If you’ve spent any significant time building software with AI agents, you know the cycle. You start with a brilliant idea, write a detailed prompt, and hit enter. The agent writes 500 lines of code. You run it. It crashes. You paste the error back. It writes another 200 lines, fixing the error but silently breaking an unrelated feature. Two hours later, you are drowning in a sea of context-polluted chat history, manually reverting files and questioning why you didn’t just write the code yourself.

This is the reality of unconstrained AI generation. Large Language Models are probabilistic text engines; without strict guardrails, they drift. They hallucinate APIs, forget edge cases, and abandon architectural patterns the moment a bug appears.

Enter Superpowers.

Developed by Jesse Vincent, Superpowers is not just another wrapper or a set of clever prompts. It describes itself as a “complete software development methodology for your coding agents.” After spending weeks dissecting its source code and running it through the paces on the ArceApps portfolio, I can confidently say it is the most opinionated, rigorous, and fascinating approach to AI coding currently available.

In my previous article, I compared Superpowers to OpenSpec, highlighting the philosophical differences between process-oriented and artifact-oriented frameworks. Today, we are going all the way down the rabbit hole. We will look at exactly how Superpowers works, how its “skills” are structured, why its use of parallel subagents is a stroke of genius, and where the framework falls short.
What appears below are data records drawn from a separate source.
Definition in_T N (n : 'I_N -> nat) (gf : forall i : 'I_N, vec (n i) -> vec (n i))
  (G : bvec n -> ereal) (gam : 'I_N -> R) (x z : bvec n) : Prop :=
  in_prox G gam (fb_point gf gam x) z.

Definition is_inf (E : R -> Prop) (m : R) : Prop :=
  (forall y, E y -> m <= y) /\
  (forall m', (forall y, E y -> m' <= y) -> m' <= m).

(* the values whose infimum is the forward-backward envelope at x
   (terms with G(w) = +oo do not affect the infimum) *)
Definition FBE_set N (n : 'I_N -> nat) (f : forall i : 'I_N, vec (n i) -> R)
  (gf : forall i : 'I_N, vec (n i) -> vec (n i)) (G : bvec n -> ereal)
  (gam : 'I_N -> R) (x : bvec n) (r : R) : Prop :=
  exists w g, G w = EFin g /\
    r = Fsum f x + bdot (gradF gf x) (bsub w x) + g + / 2 * bwsqnorm gam (bsub w x).

Definition is_FBE N (n : 'I_N -> nat) (f : forall i : 'I_N, vec (n i) -> R)
  (gf : forall i : 'I_N, vec (n i) -> vec (n i)) (G : bvec n -> ereal)
  (gam : 'I_N -> R) (x : bvec n) (v : R) : Prop :=
  is_inf (FBE_set f gf G gam x) v.

(* v ∈ regular (Fréchet) subdifferential of H at x:
   H(x) finite and liminf_{y -> x, y <> x} (H y - H x - <v, y - x>)/||y - x|| >= 0 *)
Definition in_frechet_subdiff N (n : 'I_N -> nat) (H : bvec n -> ereal)
  (x v : bvec n) : Prop :=
  exists a, H x = EFin a /\
    forall eps, 0 < eps -> exists delta, 0 < delta /\
      forall y, bnorm (bsub y x) < delta ->
        ele (EFin (a + bdot v (bsub y x) - eps * bnorm (bsub y x))) (H y).
(* Let $1\le K<d$ be integers and $T_\lambda$ as below. For $\lambda\in(0,1)$ let $\bar F_\lambda$ solve $\bar F'(w)=T_\lambda(\bar F(w))-\bar F(w)$, $\bar F(0)=\lambda$, let $\mathbb E[W_\lambda]=\frac1\lambda\int_0^\infty T_\lambda(\bar F_\lambda(w))\,dw$ and $$p_\lambda=1-\sum_{j=0}^{K-1}\frac{K-j}{K}\binom dj(1-\lambda)^j\lambda^{d-j}.$$ Then $$\lim_{\lambda\to0^+}-\frac{\mathbb E[W_\lambda]}{\log(p_\lambda)}=\frac1{d-K+1}\qquad\text{and}\qquad\lim_{\lambda\to1^-}-\frac{\mathbb E[W_\lambda]}{\log(p_\lambda)}=\frac K{d-K}.$$
   Context: $T_\lambda(u)=\frac{\lambda}{K}\sum_{j=0}^{K-1}(K-j)\binom{d}{j}u^{d-j}(1-u)^j$ (LL($d,K$) policy, exponential(1) job sizes); $p_\lambda$ is the probability that a job is assigned to an idle server. *)

From Stdlib Require Import Reals.
From Coquelicot Require Import Coquelicot.
Open Scope R_scope.

Definition Tl (d K : nat) (l u : R) : R :=
  l / INR K * sum_f_R0 (fun j => INR (K - j) * Binomial.C d j * u ^ (d - j) * (1 - u) ^ j) (K - 1).

Definition p_idle (d K : nat) (l : R) : R :=
  1 - sum_f_R0 (fun j => INR (K - j) / INR K * Binomial.C d j * (1 - l) ^ j * l ^ (d - j)) (K - 1).

Definition solves_ode (d K : nat) (l : R) (f : R -> R) : Prop :=
  f 0 = l /\
  filterlim f (at_right 0) (locally l) /\
  (forall w, 0 < w -> is_derive f w (Tl d K l (f w) - f w)).

Definition EW (d K : nat) (l : R) (f : R -> R) : R :=
  / l * RInt_gen (fun w => Tl d K l (f w)) (at_point 0) (Rbar_locally p_infty).

(* Write T_l(u) = l * u * r(u) with the polynomial
     r(v) = 1/K * sum_{j<K} (K-j) C(d,j) v^(d-j-1) (1-v)^j,
   so that p_l = 1 - l r(l).  On [0,1] one has 0 <= r <= 1, and
     r(v) = v^(d-K) s(v) with s(0) > 0,    1 - r(v) = (1-v) q(v) with q > 0,
   where q(1) = (d-K)/K.  The proof has four steps.
   1. The ODE solution F stays between l e^(-w) and l e^(-(1-l) w) (real
      induction); in particular 0 < F < 1 and F(w) -> 0.
   2. With G(u) = int_0^u l r/(1 - l r), the quantity
      int_0^W T_l(F) + G(F(W)) is constant in W; letting W -> oo gives
        E[W_l] = int_0^l r(v) / (1 - l r(v)) dv.
   3. As l -> 0 the integral is ~ s(0) l^(d-K+1) / (d-K+1), while
      -ln p_l ~ l r(l) ~ s(0) l^(d-K+1).
   4. As l -> 1, 1 - l r(v) = (1-l) + l (1-v) q(v) makes the integral
      ~ -ln(1-l) / q(1), while -ln p_l = -ln(1-l) - ln(1 + l q(l)) ~ -ln(1-l). *)
From Stdlib Require Import Reals Lra Lia Psatz Classical.
From Coquelicot Require Import Coquelicot.
Open Scope R_scope.

Lemma sum_f_R0_trunc (f : nat -> R) (N M : nat) :
  (N <= M)%nat -> (forall j, (N < j <= M)%nat -> f j = 0) ->
  sum_f_R0 f M = sum_f_R0 f N.
Proof.
  intros HNM. induction M as [|M IH]; intros Hz.
  - replace N with 0%nat by lia. reflexivity.
  - destruct (Nat.eq_dec N (S M)) as [->|Hne]; [reflexivity|].
    rewrite tech5, Hz by lia. rewrite IH by (try lia; intros; apply Hz; lia). ring.
Qed.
The Foundation: Composable Skills

To understand Superpowers, you have to understand how it interfaces with the AI. Superpowers is designed to run inside an existing agent harness, such as Claude Code, Codex CLI, or Cursor.

Instead of a single monolithic system prompt, Superpowers is built as a library of “Skills.” Each skill is defined in a markdown file containing a name, a description of when to use it, and a highly detailed set of instructions.

When you install the plugin, these skills are loaded into the agent’s context. The agent’s native system prompt is instructed to evaluate the user’s request and autonomously trigger the relevant skill.

Here are some of the core skills in the Superpowers library:

test-driven-development
systematic-debugging
brainstorming
writing-plans
using-git-worktrees
subagent-driven-development

The Anatomy of a Skill

Let’s look at how a skill is actually written. It’s not polite conversational text; it’s a strict algorithm for the LLM to follow. Take the test-driven-development skill, for example. The documentation explicitly states:

The Iron Law: NO PRODUCTION CODE WITHOUT A FAILING TEST FIRST. Write code before the test? Delete it. Start over. No exceptions.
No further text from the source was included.